[[ The data open ]]

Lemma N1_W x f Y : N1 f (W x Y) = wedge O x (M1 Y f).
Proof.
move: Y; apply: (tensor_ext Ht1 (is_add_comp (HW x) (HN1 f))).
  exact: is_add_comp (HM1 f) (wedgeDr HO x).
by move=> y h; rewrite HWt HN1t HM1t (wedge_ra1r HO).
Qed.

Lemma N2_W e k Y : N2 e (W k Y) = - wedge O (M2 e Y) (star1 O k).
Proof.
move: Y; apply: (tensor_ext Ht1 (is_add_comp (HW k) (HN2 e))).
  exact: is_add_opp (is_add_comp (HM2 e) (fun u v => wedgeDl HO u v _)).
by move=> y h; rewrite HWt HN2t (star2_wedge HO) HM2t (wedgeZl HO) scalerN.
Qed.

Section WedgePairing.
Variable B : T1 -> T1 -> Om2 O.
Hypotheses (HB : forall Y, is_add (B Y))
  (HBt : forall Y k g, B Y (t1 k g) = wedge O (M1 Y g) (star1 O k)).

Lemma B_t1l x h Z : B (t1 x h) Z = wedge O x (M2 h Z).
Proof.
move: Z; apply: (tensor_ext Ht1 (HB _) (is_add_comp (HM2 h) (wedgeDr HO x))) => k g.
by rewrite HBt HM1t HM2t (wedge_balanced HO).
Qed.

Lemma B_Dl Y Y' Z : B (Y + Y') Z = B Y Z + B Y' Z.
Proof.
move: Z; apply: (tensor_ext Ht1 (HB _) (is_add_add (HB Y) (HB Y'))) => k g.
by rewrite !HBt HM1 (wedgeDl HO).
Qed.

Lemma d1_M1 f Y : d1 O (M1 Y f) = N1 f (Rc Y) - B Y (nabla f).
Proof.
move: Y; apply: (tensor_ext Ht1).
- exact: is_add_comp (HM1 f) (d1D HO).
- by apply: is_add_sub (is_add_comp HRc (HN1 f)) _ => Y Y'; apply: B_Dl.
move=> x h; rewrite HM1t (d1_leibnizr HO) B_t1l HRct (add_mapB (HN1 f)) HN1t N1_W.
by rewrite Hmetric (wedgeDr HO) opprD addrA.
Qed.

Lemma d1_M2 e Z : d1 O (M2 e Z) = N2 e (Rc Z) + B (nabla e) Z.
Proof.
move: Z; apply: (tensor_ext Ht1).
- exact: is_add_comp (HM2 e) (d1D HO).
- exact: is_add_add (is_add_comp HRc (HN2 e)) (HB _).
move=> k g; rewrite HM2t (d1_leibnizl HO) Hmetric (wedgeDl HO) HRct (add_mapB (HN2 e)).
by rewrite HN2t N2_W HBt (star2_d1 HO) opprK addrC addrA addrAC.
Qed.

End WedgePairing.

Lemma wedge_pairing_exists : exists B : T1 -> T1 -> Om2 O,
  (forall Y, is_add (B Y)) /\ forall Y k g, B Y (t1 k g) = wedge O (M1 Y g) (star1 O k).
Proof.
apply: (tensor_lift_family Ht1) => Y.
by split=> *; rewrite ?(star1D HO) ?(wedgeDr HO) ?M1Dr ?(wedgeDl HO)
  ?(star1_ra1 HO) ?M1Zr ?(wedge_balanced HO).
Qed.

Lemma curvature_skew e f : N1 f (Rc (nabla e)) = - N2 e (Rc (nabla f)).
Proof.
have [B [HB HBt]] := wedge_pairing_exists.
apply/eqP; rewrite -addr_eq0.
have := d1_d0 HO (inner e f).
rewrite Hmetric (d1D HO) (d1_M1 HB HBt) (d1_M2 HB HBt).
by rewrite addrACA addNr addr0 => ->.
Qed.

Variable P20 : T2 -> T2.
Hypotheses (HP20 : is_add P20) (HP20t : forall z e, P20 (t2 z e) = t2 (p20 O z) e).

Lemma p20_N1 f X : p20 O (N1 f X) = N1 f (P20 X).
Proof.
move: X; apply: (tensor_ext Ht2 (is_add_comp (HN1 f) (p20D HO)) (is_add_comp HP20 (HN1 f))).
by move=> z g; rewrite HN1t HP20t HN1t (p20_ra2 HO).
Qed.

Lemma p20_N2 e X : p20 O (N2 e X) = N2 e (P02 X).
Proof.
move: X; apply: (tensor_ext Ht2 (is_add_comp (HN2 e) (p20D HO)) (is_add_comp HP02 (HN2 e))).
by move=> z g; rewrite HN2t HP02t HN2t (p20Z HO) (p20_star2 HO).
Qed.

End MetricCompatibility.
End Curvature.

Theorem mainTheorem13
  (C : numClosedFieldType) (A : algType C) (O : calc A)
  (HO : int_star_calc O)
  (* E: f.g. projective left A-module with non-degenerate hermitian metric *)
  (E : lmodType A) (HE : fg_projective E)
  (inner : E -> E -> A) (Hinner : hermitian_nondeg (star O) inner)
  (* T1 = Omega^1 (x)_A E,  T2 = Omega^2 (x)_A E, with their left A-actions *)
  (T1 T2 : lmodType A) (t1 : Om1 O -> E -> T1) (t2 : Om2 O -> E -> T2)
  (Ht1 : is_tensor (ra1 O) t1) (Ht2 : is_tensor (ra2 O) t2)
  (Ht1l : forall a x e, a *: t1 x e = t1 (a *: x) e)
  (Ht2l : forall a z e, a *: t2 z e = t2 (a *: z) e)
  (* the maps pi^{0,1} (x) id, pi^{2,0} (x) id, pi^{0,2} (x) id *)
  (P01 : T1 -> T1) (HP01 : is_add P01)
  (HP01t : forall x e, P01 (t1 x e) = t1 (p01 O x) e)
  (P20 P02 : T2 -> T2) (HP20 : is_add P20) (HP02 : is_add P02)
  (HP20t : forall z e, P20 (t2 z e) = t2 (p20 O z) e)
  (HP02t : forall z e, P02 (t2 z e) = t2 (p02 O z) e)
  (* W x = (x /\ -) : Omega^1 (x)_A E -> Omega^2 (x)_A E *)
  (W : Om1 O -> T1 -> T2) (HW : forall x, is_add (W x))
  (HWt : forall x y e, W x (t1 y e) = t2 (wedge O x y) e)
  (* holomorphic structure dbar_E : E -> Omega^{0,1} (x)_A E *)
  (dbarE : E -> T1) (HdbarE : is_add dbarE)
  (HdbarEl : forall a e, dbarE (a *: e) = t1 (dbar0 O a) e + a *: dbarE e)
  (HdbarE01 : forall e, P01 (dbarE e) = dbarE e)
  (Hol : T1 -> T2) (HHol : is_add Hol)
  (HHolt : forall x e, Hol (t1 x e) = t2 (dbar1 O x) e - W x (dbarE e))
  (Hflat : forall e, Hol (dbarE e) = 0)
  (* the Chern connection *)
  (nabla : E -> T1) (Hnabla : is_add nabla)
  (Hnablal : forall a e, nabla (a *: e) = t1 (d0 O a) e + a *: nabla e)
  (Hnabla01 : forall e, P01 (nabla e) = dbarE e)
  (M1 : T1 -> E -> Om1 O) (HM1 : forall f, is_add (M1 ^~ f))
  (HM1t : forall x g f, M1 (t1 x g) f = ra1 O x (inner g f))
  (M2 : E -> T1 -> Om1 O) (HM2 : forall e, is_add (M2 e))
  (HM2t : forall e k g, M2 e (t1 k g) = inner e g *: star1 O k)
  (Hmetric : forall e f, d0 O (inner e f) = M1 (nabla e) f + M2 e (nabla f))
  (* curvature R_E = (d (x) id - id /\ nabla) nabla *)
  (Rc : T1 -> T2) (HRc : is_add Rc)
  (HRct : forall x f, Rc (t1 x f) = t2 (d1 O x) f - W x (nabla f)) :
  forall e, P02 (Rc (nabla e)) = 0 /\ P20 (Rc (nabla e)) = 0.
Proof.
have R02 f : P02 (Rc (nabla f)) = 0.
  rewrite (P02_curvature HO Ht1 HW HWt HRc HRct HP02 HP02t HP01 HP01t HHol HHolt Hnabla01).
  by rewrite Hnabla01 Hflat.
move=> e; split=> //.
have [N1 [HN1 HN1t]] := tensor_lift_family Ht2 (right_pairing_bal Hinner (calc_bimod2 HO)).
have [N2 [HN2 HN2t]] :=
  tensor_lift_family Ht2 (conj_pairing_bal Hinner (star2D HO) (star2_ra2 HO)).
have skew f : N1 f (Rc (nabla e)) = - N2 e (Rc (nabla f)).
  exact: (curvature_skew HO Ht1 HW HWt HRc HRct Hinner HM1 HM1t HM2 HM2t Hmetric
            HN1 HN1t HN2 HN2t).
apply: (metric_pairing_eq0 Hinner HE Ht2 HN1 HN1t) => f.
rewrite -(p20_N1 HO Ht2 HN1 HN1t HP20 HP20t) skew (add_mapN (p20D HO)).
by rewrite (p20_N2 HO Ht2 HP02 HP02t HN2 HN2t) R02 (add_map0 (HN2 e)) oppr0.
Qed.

[[ The data closed ]]
[[ The data open ]]

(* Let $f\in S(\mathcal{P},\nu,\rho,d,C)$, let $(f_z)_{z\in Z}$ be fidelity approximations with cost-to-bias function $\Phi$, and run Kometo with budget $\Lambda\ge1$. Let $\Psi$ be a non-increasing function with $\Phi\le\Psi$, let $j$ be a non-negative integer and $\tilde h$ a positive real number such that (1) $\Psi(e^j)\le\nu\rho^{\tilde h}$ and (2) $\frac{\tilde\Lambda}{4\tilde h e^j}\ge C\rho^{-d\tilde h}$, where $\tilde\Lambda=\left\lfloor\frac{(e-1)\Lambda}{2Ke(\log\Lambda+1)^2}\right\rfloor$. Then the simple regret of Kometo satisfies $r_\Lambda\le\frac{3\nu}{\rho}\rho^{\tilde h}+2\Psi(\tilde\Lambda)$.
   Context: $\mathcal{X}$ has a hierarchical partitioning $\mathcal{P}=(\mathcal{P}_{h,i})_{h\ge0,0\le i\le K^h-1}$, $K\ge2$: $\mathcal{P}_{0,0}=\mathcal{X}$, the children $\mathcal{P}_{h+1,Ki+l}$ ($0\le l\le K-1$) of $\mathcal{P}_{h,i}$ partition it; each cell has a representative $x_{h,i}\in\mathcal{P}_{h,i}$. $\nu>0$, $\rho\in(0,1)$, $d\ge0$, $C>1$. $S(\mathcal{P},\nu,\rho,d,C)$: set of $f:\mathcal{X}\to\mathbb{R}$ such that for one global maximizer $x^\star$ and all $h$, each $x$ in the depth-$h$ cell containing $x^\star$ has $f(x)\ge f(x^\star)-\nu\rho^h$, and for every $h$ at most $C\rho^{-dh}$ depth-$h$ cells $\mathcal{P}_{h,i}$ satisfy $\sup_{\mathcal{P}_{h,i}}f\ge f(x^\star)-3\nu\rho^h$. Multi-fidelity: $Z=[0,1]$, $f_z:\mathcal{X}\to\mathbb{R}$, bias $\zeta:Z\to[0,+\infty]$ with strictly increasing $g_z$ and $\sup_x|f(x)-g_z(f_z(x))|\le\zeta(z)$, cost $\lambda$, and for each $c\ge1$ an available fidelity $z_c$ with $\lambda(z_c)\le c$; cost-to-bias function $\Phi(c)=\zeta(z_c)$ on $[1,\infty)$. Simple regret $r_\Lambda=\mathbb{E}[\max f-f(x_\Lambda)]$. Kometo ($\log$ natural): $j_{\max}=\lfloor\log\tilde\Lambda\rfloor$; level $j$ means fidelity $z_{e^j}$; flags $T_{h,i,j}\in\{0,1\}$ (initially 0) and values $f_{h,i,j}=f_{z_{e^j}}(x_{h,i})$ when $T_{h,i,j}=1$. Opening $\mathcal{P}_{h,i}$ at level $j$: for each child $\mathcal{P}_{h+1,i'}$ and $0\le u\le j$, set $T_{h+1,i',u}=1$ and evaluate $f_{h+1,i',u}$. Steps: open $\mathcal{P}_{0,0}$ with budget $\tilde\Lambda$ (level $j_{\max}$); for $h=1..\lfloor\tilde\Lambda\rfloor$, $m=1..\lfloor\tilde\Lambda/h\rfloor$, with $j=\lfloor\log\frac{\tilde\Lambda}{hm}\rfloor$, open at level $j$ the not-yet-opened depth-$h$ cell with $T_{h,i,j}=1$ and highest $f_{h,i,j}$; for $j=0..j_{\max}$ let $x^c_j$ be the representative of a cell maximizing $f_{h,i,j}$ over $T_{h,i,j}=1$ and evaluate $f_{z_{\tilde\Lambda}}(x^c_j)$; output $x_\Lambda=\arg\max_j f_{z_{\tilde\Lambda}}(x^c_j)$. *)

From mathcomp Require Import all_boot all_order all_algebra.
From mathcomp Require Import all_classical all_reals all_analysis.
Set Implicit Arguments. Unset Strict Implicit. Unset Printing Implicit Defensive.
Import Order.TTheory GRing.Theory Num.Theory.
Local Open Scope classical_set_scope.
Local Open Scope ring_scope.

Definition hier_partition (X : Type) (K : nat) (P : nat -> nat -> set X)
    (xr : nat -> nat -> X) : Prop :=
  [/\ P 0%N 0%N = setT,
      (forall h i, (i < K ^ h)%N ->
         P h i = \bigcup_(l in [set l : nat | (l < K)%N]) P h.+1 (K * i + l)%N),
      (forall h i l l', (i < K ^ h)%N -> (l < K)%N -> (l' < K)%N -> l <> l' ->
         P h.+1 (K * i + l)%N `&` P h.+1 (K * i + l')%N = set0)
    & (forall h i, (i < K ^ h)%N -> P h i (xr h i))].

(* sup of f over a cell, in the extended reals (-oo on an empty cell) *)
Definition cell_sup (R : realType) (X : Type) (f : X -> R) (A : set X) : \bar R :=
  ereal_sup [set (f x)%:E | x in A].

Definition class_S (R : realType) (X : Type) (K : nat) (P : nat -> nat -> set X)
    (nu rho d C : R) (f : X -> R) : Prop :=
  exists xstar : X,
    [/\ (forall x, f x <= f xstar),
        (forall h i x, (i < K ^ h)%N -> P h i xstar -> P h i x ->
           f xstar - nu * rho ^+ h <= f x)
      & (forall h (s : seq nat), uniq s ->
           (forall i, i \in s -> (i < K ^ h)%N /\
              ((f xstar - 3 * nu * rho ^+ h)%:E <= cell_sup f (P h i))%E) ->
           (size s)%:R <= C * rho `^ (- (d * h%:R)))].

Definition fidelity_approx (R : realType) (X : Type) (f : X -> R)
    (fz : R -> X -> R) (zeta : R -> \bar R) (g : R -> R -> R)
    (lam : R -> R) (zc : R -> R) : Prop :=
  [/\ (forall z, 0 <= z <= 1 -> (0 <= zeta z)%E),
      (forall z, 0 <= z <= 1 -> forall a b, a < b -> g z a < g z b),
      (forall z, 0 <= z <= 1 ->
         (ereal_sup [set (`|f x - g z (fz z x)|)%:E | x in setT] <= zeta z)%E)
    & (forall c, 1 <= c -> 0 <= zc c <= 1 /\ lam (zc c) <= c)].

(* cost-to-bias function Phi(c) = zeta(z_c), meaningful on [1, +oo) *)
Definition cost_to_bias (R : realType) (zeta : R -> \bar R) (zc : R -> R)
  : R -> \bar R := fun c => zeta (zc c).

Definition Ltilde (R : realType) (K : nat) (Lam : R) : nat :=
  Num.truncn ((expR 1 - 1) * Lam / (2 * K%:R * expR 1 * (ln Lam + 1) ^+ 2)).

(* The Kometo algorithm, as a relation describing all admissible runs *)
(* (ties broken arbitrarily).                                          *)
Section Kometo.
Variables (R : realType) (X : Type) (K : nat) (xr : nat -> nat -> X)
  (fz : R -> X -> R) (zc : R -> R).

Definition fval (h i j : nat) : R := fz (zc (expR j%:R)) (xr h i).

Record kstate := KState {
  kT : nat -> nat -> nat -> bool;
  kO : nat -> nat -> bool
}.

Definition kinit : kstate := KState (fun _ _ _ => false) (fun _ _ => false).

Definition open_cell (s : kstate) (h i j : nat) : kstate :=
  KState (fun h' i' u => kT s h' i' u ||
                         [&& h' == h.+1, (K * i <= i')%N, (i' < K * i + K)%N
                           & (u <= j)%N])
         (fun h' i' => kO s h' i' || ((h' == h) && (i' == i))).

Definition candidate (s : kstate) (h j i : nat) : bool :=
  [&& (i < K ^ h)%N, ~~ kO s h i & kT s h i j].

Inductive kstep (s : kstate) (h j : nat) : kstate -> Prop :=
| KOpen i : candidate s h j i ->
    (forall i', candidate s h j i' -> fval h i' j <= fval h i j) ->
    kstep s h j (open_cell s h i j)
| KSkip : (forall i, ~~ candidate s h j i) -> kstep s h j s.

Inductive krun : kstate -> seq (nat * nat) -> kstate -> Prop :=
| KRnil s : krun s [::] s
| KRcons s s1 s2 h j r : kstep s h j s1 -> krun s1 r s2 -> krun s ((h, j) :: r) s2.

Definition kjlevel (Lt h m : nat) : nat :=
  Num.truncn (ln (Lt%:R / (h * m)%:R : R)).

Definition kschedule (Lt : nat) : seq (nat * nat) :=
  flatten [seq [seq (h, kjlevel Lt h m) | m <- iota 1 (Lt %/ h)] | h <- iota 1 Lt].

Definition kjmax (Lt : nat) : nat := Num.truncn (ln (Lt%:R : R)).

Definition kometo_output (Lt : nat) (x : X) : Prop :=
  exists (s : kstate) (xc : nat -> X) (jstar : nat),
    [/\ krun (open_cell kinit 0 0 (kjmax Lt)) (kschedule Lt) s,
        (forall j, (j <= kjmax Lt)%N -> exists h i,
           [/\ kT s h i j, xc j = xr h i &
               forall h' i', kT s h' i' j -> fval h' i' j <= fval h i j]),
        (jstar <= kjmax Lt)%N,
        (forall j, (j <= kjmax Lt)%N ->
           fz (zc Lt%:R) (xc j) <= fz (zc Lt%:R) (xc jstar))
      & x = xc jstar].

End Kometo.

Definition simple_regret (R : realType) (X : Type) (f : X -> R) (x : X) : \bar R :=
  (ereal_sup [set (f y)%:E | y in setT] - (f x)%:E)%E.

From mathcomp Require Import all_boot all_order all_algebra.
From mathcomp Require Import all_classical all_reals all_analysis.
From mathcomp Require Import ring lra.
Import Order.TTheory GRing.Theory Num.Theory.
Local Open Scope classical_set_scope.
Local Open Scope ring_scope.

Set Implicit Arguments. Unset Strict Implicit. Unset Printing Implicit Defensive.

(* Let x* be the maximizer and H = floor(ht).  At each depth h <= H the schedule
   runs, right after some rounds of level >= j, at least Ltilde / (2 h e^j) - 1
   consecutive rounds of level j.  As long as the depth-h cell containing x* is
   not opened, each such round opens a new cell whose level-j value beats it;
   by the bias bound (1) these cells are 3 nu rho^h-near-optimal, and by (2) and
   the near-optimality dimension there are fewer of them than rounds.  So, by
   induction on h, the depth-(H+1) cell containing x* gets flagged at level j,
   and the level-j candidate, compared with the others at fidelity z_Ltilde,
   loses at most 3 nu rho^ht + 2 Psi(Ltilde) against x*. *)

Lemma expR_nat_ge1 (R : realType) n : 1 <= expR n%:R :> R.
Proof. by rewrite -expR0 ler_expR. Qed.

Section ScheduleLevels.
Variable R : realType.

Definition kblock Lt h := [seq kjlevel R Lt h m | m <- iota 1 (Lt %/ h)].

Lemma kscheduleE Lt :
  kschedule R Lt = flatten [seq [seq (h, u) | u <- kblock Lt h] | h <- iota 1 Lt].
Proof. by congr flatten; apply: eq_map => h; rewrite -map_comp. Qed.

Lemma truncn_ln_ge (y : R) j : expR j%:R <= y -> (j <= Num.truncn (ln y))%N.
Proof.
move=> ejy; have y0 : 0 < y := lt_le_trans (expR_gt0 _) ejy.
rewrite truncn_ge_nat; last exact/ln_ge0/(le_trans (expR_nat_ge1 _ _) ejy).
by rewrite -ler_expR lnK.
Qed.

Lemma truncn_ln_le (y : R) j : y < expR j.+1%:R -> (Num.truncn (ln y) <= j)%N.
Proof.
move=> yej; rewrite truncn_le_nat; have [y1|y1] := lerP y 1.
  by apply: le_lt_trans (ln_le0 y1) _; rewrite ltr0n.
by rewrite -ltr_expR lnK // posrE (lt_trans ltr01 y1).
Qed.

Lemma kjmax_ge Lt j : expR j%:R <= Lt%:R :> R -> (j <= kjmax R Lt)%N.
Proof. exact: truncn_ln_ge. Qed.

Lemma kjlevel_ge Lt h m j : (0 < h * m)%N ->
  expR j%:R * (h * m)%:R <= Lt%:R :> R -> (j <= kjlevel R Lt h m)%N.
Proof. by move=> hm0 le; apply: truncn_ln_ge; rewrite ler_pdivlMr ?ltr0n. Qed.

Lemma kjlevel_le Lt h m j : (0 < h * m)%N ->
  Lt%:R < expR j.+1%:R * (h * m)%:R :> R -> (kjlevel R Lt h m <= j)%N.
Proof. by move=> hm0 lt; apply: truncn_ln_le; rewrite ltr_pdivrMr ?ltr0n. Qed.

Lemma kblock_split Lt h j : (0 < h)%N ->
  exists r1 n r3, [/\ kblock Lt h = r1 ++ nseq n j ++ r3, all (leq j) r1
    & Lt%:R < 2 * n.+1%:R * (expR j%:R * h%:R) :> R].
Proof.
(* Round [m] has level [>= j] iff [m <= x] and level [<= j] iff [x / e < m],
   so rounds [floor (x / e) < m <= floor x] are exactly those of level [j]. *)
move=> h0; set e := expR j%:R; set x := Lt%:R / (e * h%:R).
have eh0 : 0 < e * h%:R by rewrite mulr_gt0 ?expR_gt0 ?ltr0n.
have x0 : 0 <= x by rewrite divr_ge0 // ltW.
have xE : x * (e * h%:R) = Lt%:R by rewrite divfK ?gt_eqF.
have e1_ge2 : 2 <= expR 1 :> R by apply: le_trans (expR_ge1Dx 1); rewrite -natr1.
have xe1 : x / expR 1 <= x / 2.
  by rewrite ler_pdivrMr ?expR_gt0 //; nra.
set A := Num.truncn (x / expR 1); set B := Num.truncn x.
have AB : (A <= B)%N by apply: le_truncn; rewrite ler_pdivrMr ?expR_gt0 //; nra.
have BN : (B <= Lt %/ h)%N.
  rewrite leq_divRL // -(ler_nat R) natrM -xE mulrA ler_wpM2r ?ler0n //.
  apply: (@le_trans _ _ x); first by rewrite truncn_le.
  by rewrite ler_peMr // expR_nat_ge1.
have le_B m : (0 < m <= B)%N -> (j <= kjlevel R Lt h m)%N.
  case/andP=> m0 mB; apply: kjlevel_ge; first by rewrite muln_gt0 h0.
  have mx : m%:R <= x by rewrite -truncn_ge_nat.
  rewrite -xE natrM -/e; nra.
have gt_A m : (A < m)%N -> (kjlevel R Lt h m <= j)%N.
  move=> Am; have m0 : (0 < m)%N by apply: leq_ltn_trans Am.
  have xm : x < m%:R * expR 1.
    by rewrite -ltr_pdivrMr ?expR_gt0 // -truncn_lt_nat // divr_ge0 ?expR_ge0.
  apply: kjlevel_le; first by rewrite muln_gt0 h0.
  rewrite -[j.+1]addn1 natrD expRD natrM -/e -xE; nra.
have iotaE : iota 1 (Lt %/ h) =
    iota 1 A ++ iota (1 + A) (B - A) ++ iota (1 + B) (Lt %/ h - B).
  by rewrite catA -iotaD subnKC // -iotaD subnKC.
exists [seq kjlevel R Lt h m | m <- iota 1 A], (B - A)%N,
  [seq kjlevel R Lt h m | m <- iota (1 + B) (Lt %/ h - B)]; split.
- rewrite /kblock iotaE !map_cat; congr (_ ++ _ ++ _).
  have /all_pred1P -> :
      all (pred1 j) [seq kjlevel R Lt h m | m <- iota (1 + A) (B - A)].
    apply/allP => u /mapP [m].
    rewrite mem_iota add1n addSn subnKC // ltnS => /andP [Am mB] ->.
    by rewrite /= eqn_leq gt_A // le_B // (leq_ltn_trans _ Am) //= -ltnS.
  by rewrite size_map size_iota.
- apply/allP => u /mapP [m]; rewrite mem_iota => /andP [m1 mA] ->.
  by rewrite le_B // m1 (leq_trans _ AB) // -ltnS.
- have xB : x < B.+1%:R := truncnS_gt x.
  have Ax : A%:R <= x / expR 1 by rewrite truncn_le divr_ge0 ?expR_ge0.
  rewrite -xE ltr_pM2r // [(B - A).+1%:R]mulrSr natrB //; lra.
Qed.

[[ The data closed ]]

Check the lines above and copy each one that includes "subnKC".

-- Solution below --
  by rewrite catA -iotaD subnKC // -iotaD subnKC.
    rewrite mem_iota add1n addSn subnKC // ltnS => /andP [Am mB] ->.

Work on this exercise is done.